Page 106 of Dead Wrong

With a muffled shriek, Lynette pounds the ground with her fist, the dirt shimmering with golden dust as it rocked beneath our feet. The assailant dove for her, looking to sink the blade into her chest, but she was ready this time. Catching the blade between her hands, golden sparks showered the ground beneath her. She wrested it from the assailant’s grip, rolling far enough away to regain her footing. Using the edge of the knife, she cut the muzzle from her mouth, leaving a long gash down her chin. The device fell to the ground, and in a split second, her aura crushed the air from my lungs as she ordered, “Stop.”

Both mine and the assailant’s bodies went rigid, completely at Lynette’s mercy. She held out the blade, still slick with her blood, and for a moment, I thought she was about to slit the woman’s throat right there. Instead, she held it out handle first. “Take this back to my mother and tell her she’s too late. It can’t be stopped. I can’t be stopped. And soon enough, she’ll burn alongside all the others.”

The assailant took the blade with a trembling hand, utterly powerless to ignore the Command of my sister.

“Go.”

Knocking the woman back with the power of her word, Lynette straightened as the assailant fled from the scene. When she turned to face me, her expression was tempered steel. She’d been preparing for this moment, I imagined. The moment when she would fulfill this delusion that plagued her day and night.

And here it was.

She moved toward me, wincing as she clapped a hand over her wound to stymie the flow of blood. It hardly slowed her down. I was surprisingly calm as I met her gaze, acceptance hitting all at once.

“I won’t help you. If you’re committed to destroying the world, you’ll have to do it without me.”

Lynette held up a finger. “Not the world, Tobi. The Magi. We’re the blight that’s created this chaos. This violence. The Second Awakening will come with the lapping of flames and will bring balance once more. I’ve seen it.”

I tried to break from her hold. To make a run for it. She was deranged. Unmoored. Overtaken completely.

She wasn’t my sister any longer.

But my limbs remained motionless, no matter how much I urged them. With a wave of her hand, however, I moved along with her, headed for the empty hole in the ground just across from the grave of our father.

“What good can I do you if I’m already dead?” I asked. “Some sacrifice a dead guy makes.”

“Don’t worry, Tobi. Death is only the beginning for you.”

With a violent twist, I felt my spine snap, and my legs give out as I tumbled forward into the dirt. Along a shower of golden sparks, the loose earth began to bury me, another grave for another Tobias Greene.

* * *

My eyes snapped open with a start, my breath coming in gasps.

Lynette watched me, her eyes mirrors of my own staring back.

“You were going to let me die,” she said plainly.

“You fucking killed me!” I argued, the rage bubbling up all at once. “You actually fucking killed me!”

“Oh, calm down,” Lynette said, rolling her eyes. “I was always planning on bringing you back. Or at least, having someone bring you back. Your boyfriend took longer than expected to show up, though. I was getting worried he wouldn’t make it before you started to smell.”

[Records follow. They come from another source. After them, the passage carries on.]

(* Assume $a_T/T\to\infty$. Let $\hat c_{\mathrm R}(x,\mathbb P,T)=\max_{i\in\Sigma}\ell(x,i)$ and $\hat x^{\mathrm R}_T(\mathbb P)\in\arg\min_{x\in\mathcal X}\max_{i\in\Sigma}\ell(x,i)$. Then $(\hat c_{\mathrm R},\hat x^{\mathrm R})$ is a predictor–prescriptor pair satisfying the prescription out-of-sample guarantee with speed $(a_T)$, and for every predictor–prescriptor pair $(\hat c,\hat x)$ satisfying the prescription out-of-sample guarantee with speed $(a_T)$ we have $(\hat c_{\mathrm R},\hat x^{\mathrm R})\preceq_{\hat{\mathcal X}}(\hat c,\hat x)$.
   Context: Setting: $\Sigma=\{1,\dots,d\}$ ($d\ge2$) is finite; $\mathcal P\subset\mathbb R^d$ is the probability simplex over $\Sigma$ and $\mathcal P^o$ its relative interior (all entries positive). $\mathcal X\subset\mathbb R^n$ is compact and $\ell:\mathcal X\times\Sigma\to\mathbb R$ is continuous in $x$ for each $i$. For $x\in\mathcal X$, $\mu\in\mathbb R^d$ let $c(x,\mu)=\sum_{i\in\Sigma}\ell(x,i)\mu(i)$ and $c^\star(\mathbb P)=\min_{x\in\mathcal X}c(x,\mathbb P)$. Data $\xi_1,\xi_2,\dots$ are i.i.d. with law $\mathbb P\in\mathcal P$, $\mathbb P^\infty$ denotes their joint law, and $\hat{\mathbb P}_T(i)=\frac1T\sum_{t=1}^T\mathbf 1\{\xi_t=i\}$. $(a_T)_{T\ge1}$ is a sequence of positive reals with $a_T\to\infty$. A predictor is a sequence $\hat c=(\hat c(\cdot,\cdot,T))_{T\in\mathbb N}$ of functions $\mathcal X\times\mathcal P\to\mathbb R$. It is regular, written $\hat c\in\mathcal C$, if (i) the sequence $(\hat c(\cdot,\cdot,T))_T$ is uniformly bounded and equicontinuous on $\mathcal X\times\mathcal P$, and (ii) each $\hat c(x,\cdot,T)$ is differentiable in $\mathbb P$ and the sequence of derivative maps $(x,\mathbb P)\mapsto\nabla_{\mathbb P}\hat c(x,\mathbb P,T)$ is uniformly bounded and equicontinuous. (A sequence $(f_T)$ is equicontinuous if for every point $y$ and $\varepsilon>0$ there is a neighbourhood $U$ of $y$ with $|f_T(y)-f_T(z)|<\varepsilon$ for all $z\in U$ and all $T$.) A predictor–prescriptor pair $(\hat c,\hat x)$ consists of $\hat c\in\mathcal C$ and functions $\hat x_T:\mathcal P\to\mathcal X$ with $\hat x_T(\mathbb P)\in\arg\min_{x\in\mathcal X}\hat c(x,\mathbb P,T)$ for all $\mathbb P,T$; put $\hat c^\star(\mathbb P,T)=\hat c(\hat x_T(\mathbb P),\mathbb P,T)$. Prescription out-of-sample guarantee with speed $(a_T)$: for all $\mathbb P\in\mathcal P^o$, $\limsup_{T\to\infty}\frac1{a_T}\log\mathbb P^\infty\big(c(\hat x_T(\hat{\mathbb P}_T),\mathbb P)>\hat c^\star(\hat{\mathbb P}_T,T)\big)\le-1$. Order: $(\hat c_1,\hat x_1)\preceq_{\hat{\mathcal X}}(\hat c_2,\hat x_2)$ iff for all $\mathbb P\in\mathcal P^o$, $\limsup_{T\to\infty}\frac{|\hat c_1^\star(\mathbb P,T)-c^\star(\mathbb P)|}{|\hat c_2^\star(\mathbb P,T)-c^\star(\mathbb P)|}\le1$ (convention $0/0=1$). *)

From HB Require Import structures.
From mathcomp Require Import all_boot all_order all_algebra.
From mathcomp Require Import all_classical all_reals all_analysis.
Set Implicit Arguments. Unset Strict Implicit. Unset Printing Implicit Defensive.
Import Order.TTheory GRing.Theory Num.Theory.
Import numFieldNormedType.Exports.
Local Open Scope classical_set_scope.
Local Open Scope ring_scope.

Section Defs.
Variable R : realType.
Variables (n d : nat).
(* decisions x live in 'rV[R]_n, distributions / vectors mu live in 'rV[R]_d,
   Sigma = 'I_d, a loss is l : 'rV_n -> 'I_d -> R. *)

Definition simplex (P : 'rV[R]_d) : Prop :=
  (forall i, 0 <= P ord0 i) /\ \sum_i P ord0 i = 1.
Definition simplex_int (P : 'rV[R]_d) : Prop :=
  (forall i, 0 < P ord0 i) /\ \sum_i P ord0 i = 1.

Definition cost (l : 'rV[R]_n -> 'I_d -> R) (x : 'rV[R]_n) (mu : 'rV[R]_d) : R :=
  \sum_i l x i * mu ord0 i.

(* c*(P) = min_{x in X} c(x,P)  (the inf is attained: X compact, c continuous) *)
Definition cstar (X : set 'rV[R]_n) (l : 'rV[R]_n -> 'I_d -> R) (P : 'rV[R]_d) : R :=
  inf [set cost l x P | x in X].

Definition maxloss (l : 'rV[R]_n -> 'I_d -> R) (x : 'rV[R]_n) : R :=
  (match d return ('I_d -> R) -> R with
   | 0 => fun _ => 0
   | d'.+1 => fun f => \big[Num.max/f ord0]_(i < d'.+1) f i
   end) (l x).

Definition predictor := 'rV[R]_n -> 'rV[R]_d -> nat -> R.
Definition prescriptor := nat -> 'rV[R]_d -> 'rV[R]_n.

Definition unif_bounded (X : set 'rV[R]_n) (f : 'rV[R]_n -> 'rV[R]_d -> nat -> R) :=
  exists M : R, forall x P T, X x -> simplex P -> `|f x P T| <= M.
Definition equicont (X : set 'rV[R]_n) (f : 'rV[R]_n -> 'rV[R]_d -> nat -> R) :=
  forall x P, X x -> simplex P -> forall eps : R, 0 < eps ->
    exists2 delta : R, 0 < delta &
      forall y Q, X y -> simplex Q -> `|y - x| < delta -> `|Q - P| < delta ->
        forall T, `|f x P T - f y Q T| < eps.

Definition is_gradient (X : set 'rV[R]_n) (chat : predictor)
    (g : 'rV[R]_n -> 'rV[R]_d -> nat -> 'rV[R]_d) :=
  forall x P T, X x -> simplex P -> forall eps : R, 0 < eps ->
    exists2 delta : R, 0 < delta &
      forall Q, simplex Q -> `|Q - P| < delta ->
        `|chat x Q T - chat x P T - \sum_i g x P T ord0 i * (Q ord0 i - P ord0 i)|
          <= eps * `|Q - P|.

Definition regular (X : set 'rV[R]_n) (chat : predictor) : Prop :=
  unif_bounded X chat /\ equicont X chat /\
  exists g : 'rV[R]_n -> 'rV[R]_d -> nat -> 'rV[R]_d,
    is_gradient X chat g /\
    (forall i, unif_bounded X (fun x P T => g x P T ord0 i)) /\
    (forall i, equicont X (fun x P T => g x P T ord0 i)).

Definition pp_pair (X : set 'rV[R]_n) (chat : predictor) (xhat : prescriptor) : Prop :=
  regular X chat /\
  forall P T, simplex P ->
    X (xhat T P) /\ forall y, X y -> chat (xhat T P) P T <= chat y P T.

Definition chat_star (chat : predictor) (xhat : prescriptor) (P : 'rV[R]_d) (T : nat) : R :=
  chat (xhat T P) P T.

Definition empirical (T : nat) (s : {ffun 'I_T -> 'I_d}) : 'rV[R]_d :=
  \row_i (#|[set t | s t == i]|%:R / T%:R).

“You already knew about Bastien?”

“Of course I did,” she scoffed. “I’m not oblivious, like most men. You really should have noticed your boyfriend exuding death magic, Tobi. Those glamours on his arms didn’t hide jack shit from me.”

“So, what, you brought me back to life just so you could kill me again?”

“Not exactly,” Lynette said, turning back to Lorelei and giving her a nod. “You’ll see soon enough, but I’m afraid there are some friends joining us for an important meeting, so you’ll have to sit tight and be patient.”

“If you think I’m going to sit here while—” my words were muffled by the gag Grigori shoved in my mouth, pulling the binding around my head.

Lynette turned to the brute. “If he doesn’t quiet down, rip out his tongue. He won’t be needing it for much longer.”

Grigori chuckled. Stupid Grigori. I was starting to think that we could have been friends.

The doors opened on the opposite end of the room once more, a stream of bodies moving into the meeting space. Lynette and Lorelei moved to the center of the table, standing by the high-backed chair that was elevated slightly above the rest.

Gasps rippled through the crowd as they entered, more of them seeing Lynette for the first time. A silver-haired man with half-moon glasses stepped forward, bearing the crest of the Hallowed on his vest. “What is the meaning of this?”